In vitro effect of pesticides (dichlofluanid, endosulfan, simazine, tolylfluanid and triallate) on proliferative activity of animal derived cell cultures.

In this study pesticides with different chemical structures (dichlofluanid, endosulfan, simazine, tolylfluanid and triallate) were examined for their potential cytotoxic effect on proliferative activity of cell cultures of mammalian origin.
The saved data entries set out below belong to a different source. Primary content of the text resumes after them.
Lemma lowered_setU1 (u M : mon) (t : 'I_m) :
  t \in u -> lowered (u :\ t) M -> lowered u (t |: M).
Proof.
move=> tu [i /setD1P [it iu] iM]; exists i => //.
have E : t |: (u :\ t :\ i) = u :\ i.
  apply/setP => x; rewrite !inE; case: (eqVneq x t) => [->|] //=.
  by rewrite tu eq_sym it.
by case: iM => [->|[k ki ->]]; [left | right; exists k => //; rewrite setUCA]; rewrite E.
Qed.

Lemma lead_mono_lta_act_add B e B' e' (u : mon) :
  lta_act (B, e) u != lta_act (B', e') u ->
  exists M, lead_mono (padd (lta_act (B, e) u) (lta_act (B', e') u)) M /\ lowered u M.
Proof.
have [n] := ubnP #|u|; elim: n u => // n IH u ltn neq.
have [u0|/set_max_index [t tu ut]] := eqVneq u set0.
  by rewrite u0 !lta_act_set0 eqxx in neq.
rewrite -padd_eq0 in neq; rewrite !(lta_actD1 _ _ tu) !lta_image_split in neq *.
have bA : below t (lta_act (B, e) (u :\ t)) := below_lta_act ut.
have bA' : below t (lta_act (B', e') (u :\ t)) := below_lta_act ut.
have [EA|NA] := eqVneq (lta_act (B, e) (u :\ t)) (lta_act (B', e') (u :\ t)).
  rewrite -EA padd_pmul_padd_same padd_affine in neq *.
  have [|M [HM uM]] := lead_mono_affine_mul_act (n := t) _ neq.
    by move=> j /=; case: (j < t).
  by exists M; split; last exists t.
have [|M0 [[M0A M0max] M0u]] := IH (u :\ t) _ NA; first by rewrite (cardsD1 t) tu in ltn.
exists (t |: M0); split; last exact: lowered_setU1.
have tM0 : t \notin M0 by apply/negP => /(below_padd bA bA' M0A); rewrite ltnn.
rewrite padd_pmul_padd; apply: lead_mono_padd_lt.
  by apply: lead_mono_pmul (lead_mono_pvar t) _ _; [split | rewrite disjoints1].
have bR (B0 : 'M[bool]_m) (e0 : {ffun 'I_m -> bool}) :
    below t (affine [pred j : 'I_m | (j < t) && B0 t j] (e0 t)).
  by apply: below_affine => j /andP [].
have bQ := below_padd (below_pmul (bR B e) bA) (below_pmul (bR B' e') bA').
move=> v /bQ /mweight_below vt.
by rewrite mweightU_disjoint ?disjoints1 // mweight_set1 (leq_trans vt) ?leq_addr.
Qed.

Lemma lowered_subset (f M : mon) :
  lowered f M -> exists2 i, i \in f & (f :\ i \subset M) && (#|M| <= #|f|).
Proof.
case=> i fi [->|[j _ ->]]; exists i; rewrite // (cardsD1 i f) fi.
  by rewrite subxx leq_addl.
by rewrite subsetUr cardsU1 leq_add2r leq_b1.
Qed.

Lemma lowered_card_setD (f M : mon) : lowered f M -> #|M :\: f| <= 1.
Proof.
case/lowered_subset=> i fi /andP [fiM Mf].
have : #|f :\ i| <= #|M :&: f| by apply/subset_leq_card; rewrite subsetI fiM subD1set.
by have := cardsID f M; have := cardsD1 i f; rewrite fi; lia.
Qed.

Lemma common_lowered_meet_card (f g M : mon) :
  lowered f M -> lowered g M -> #|f| = #|g| -> #|f| <= #|f :&: g| + 2.
Proof.
move=> /lowered_subset [i fi /andP [fiM Mf]] /lowered_subset [k gk /andP [gkM _]] fg.
have U : #|(f :\ i) :|: (g :\ k)| <= #|M| by apply/subset_leq_card; rewrite subUset fiM gkM.
have I : #|(f :\ i) :&: (g :\ k)| <= #|f :&: g| by apply/subset_leq_card/setISS; apply: subD1set.
have := cardsU (f :\ i) (g :\ k); have := cardsD1 i f; have := cardsD1 k g.
by rewrite fi gk; lia.
Qed.

Lemma common_lowered_top (f g M : mon) :
  lowered f M -> lowered g M -> #|f| = #|g| -> ~ two_largest_in ((f :|: g) :\: (f :&: g)) f.
Proof.
move=> Mf [k gk gM] fg [a [b [aD bD ab Dtop /andP [af bf]]]].
have [ag bg] : a \notin g /\ b \notin g by move: aD bD; rewrite !inE af bf /= !andbT.
have [i fi /andP [fiM _]] := lowered_subset Mf.
pose c := if a == i then b else a.
have [cf cg ac] : [/\ c \in f, c \notin g & a <= c] by rewrite /c; case: ifP => // _; rewrite ltnW.
have cM : c \in M.
  apply: (subsetP fiM); rewrite !inE cf andbT /c.
  by case: (eqVneq a i) => [<-|//]; apply: contraTneq ab => ->; rewrite ltnn.
have [l lk Ml] : exists2 l : 'I_m, l < k & M = l |: (g :\ k).
  by case: gM => [Mg|//]; move: cM; rewrite Mg !inE (negbTE cg) andbF.
have kf : k \in f.
  apply: contraT => kf.
  have kD : k \in (f :|: g) :\: (f :&: g) by rewrite !inE gk (negbTE kf).
  have ka : k < a by apply: (Dtop k kD); apply: contraTneq gk => ->.
  move: cM; rewrite Ml !inE (negbTE cg) andbF orbF => /eqP cl; rewrite -cl in lk.
  by have := leq_ltn_trans ac (ltn_trans lk ka); rewrite ltnn.
have gfM : g :\: f \subset M :\: f.
  apply/subsetP => x; rewrite !inE Ml !inE => /andP [xf xg]; rewrite xf xg /=.
  by rewrite andbT; apply/orP; right; apply: contraNneq xf => ->.
have ab2 : 2 <= #|f :\: g|.
  rewrite (_ : 2 = #|[set a; b]|); last by rewrite cards2 -val_eqE (ltn_eqF ab).
  apply/subset_leq_card/subsetP => x.
  by rewrite !inE => /orP [] /eqP ->; rewrite ?af ?bf ?ag ?bg.
have fgD : #|f :\: g| = #|g :\: f|.
  by apply/eqP; rewrite -(eqn_add2l #|f :&: g|) cardsID setIC cardsID fg.
have := leq_trans (subset_leq_card gfM) (lowered_card_setD Mf).
by rewrite -fgD leqNgt ab2.
Qed.

Lemma lead_mono_orbit_add (f : mon) a a' :
  a \in lta_orbit f -> a' \in lta_orbit f -> a != a' ->
  exists M, lead_mono (padd a a') M /\ lowered f M.
Proof.
by case/imsetP=> [[B e] _ ->] /imsetP [[B' e'] _ ->]; apply: lead_mono_lta_act_add.
Qed.

Lemma card_sumset_orbits (f g : mon) :
  (forall M, lowered f M -> lowered g M -> False) ->
  #|sumset (lta_orbit f) (lta_orbit g)| = #|lta_orbit f| * #|lta_orbit g|.
Proof.
move=> fg; rewrite /sumset curry_imset2X card_in_imset ?cardsX // => -[a b] [a' b'].
rewrite !inE /= => /andP [fa gb] /andP [fa' gb'] E.
have E' : padd a a' = padd b b'.
  apply: peval_inj => S; move/(congr1 (peval^~ S)): E; rewrite !peval_padd.
  by case: (peval a S); case: (peval a' S); case: (peval b S); case: (peval b' S).
have [Eaa|aa'] := eqVneq a a'.
  rewrite -Eaa in E' *; have : padd b b' == pzero by rewrite -E' padd_eq0.
  by rewrite padd_eq0 => /eqP <-.
have bb' : b != b' by rewrite -padd_eq0 -E' padd_eq0.
have [M [aM fM]] := lead_mono_orbit_add fa fa' aa'.
have [M' [bM' gM']] := lead_mono_orbit_add gb gb' bb'.
rewrite E' in aM; rewrite (lead_mono_uniq aM bM') in fM.
by case: (fg M' fM gM').
Qed.

End OrbitSums.

Theorem theorem7 (m : nat) (I : {set monomial m}) (f g : monomial m) :
  decreasing I ->
  f \in I -> #|f| = maxdeg I ->
  g \in I -> #|g| = maxdeg I ->
  (* ind(fg / gcd(f,g)) = (ind f :|: ind g) :\: (ind f :&: ind g) *)
  (two_largest_in ((f :|: g) :\: (f :&: g)) f \/
   two_largest_in ((f :|: g) :\: (f :&: g)) g \/
   #|f :&: g| + 2 < maxdeg I) ->
  #|sumset (lta_orbit f) (lta_orbit g)| = #|lta_orbit f| * #|lta_orbit g|.
Proof.
move=> _ _ degf _ degg cond; apply: card_sumset_orbits => M Mf Mg.
have fg : #|f| = #|g| by rewrite degf degg.
case: cond => [top|[top|small]].
- exact: common_lowered_top Mf Mg fg top.
- by rewrite setUC setIC in top; apply: common_lowered_top Mg Mf (esym fg) top.
- by move: small; rewrite -degf ltnNge (common_lowered_meet_card Mf Mg fg).
Qed.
Cell lines Madin-Darby Bovine Kidney (MDBK), Rabbit Kidney (RK13), Porcine Kidney (PK15), and semicontinual line of Bovine Embryonic Pulmonary Cells (BEPC) were used in the study. From these cell cultures cell proliferative activity was suppressed most intensively in PK15 culture by endosulfan (10(-1) - 10(-6) M). The least effect on cell proliferation in all cell cultures tested, with the exception PK 15 (10(-1) - 10(-2) M), was recorded after simazine exposure. On the basis of IC50 values the cytotoxic effect was: dichlofluanid (IC50 = 10(-3.94) M) > tolylfluanid (IC50 = 10(-3.69) M) > endosulfan (IC50 = 10(-3.24) M) > triallate (IC50 = 10(-3.12) M) > simazine (IC50 = 10(-1.78) M). The comparison of average IC50 values of cell cultures revealed that the most sensitive cell lines were PK15 (IC50 = 10(-3.27) M) and RK13 (IC50 = 10(-3.21) M), whereas MDBK (IC50 = 10(-2.55) M) and BEPC (IC50 = 10(-2.52) M) were less sensitive to pesticide exposure.[1]